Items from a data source
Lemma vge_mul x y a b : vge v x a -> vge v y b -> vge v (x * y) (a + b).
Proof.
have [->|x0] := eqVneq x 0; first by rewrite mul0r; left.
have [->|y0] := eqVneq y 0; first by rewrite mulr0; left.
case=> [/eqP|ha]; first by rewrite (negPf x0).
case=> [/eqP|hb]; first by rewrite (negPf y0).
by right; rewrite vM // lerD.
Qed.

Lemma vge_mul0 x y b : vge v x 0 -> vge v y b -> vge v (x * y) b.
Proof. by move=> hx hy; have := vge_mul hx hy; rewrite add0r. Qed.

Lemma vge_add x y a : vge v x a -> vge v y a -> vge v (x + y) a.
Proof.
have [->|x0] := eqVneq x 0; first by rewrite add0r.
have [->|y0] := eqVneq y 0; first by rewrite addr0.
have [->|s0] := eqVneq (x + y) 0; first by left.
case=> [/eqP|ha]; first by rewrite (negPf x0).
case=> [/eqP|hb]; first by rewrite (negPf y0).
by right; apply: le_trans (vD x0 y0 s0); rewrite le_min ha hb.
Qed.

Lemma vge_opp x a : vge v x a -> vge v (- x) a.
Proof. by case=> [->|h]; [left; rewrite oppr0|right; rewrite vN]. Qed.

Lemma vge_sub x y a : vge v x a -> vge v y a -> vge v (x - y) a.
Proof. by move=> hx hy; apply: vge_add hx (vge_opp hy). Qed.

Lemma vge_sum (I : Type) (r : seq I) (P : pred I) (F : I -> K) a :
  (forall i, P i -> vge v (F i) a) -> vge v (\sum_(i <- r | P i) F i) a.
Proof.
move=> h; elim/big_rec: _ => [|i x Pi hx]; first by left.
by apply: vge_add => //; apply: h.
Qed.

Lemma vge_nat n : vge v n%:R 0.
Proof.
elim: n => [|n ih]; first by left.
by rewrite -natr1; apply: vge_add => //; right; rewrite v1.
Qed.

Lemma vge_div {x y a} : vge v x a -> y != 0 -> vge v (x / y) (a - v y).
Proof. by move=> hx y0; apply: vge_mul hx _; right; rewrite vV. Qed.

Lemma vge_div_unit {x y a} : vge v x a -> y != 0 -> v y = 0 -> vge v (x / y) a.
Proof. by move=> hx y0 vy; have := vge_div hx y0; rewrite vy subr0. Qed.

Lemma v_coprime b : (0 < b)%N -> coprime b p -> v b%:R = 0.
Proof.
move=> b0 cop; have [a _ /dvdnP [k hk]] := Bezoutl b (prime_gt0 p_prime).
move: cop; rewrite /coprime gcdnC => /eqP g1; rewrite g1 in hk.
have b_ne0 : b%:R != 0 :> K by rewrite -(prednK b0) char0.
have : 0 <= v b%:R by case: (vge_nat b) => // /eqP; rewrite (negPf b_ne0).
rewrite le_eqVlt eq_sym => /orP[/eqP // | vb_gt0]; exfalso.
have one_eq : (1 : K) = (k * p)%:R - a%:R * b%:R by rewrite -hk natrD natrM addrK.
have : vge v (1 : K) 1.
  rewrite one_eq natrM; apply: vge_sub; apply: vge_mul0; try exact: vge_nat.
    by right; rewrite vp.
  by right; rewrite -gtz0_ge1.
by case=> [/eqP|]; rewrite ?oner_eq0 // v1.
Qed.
--
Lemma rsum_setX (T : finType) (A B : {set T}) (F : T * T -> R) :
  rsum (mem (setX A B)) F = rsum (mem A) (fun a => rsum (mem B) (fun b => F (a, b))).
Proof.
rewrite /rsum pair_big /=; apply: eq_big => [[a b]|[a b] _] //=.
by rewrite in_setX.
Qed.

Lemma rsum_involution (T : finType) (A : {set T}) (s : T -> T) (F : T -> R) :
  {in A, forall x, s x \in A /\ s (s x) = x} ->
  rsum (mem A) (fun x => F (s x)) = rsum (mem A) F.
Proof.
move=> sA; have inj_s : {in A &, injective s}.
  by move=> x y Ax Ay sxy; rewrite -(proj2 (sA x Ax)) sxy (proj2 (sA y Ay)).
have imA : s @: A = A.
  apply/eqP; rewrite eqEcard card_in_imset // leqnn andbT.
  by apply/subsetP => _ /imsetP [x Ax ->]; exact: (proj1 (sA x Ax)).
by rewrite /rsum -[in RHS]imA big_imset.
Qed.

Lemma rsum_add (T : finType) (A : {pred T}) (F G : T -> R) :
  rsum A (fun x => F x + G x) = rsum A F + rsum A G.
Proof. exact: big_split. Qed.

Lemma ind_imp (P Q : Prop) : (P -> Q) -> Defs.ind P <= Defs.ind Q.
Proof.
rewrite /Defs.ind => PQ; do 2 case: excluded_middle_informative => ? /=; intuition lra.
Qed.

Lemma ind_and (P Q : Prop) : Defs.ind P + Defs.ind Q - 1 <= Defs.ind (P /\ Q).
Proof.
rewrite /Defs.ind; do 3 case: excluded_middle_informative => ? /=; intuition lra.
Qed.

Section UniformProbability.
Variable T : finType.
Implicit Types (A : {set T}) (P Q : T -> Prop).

- What is needed: Whenever the word "forall" occurs in a line above, copy that line.

- Answer for the task:
  (forall i, P i -> vge v (F i) a) -> vge v (\sum_(i <- r | P i) F i) a.
  {in A, forall x, s x \in A /\ s (s x) = x} ->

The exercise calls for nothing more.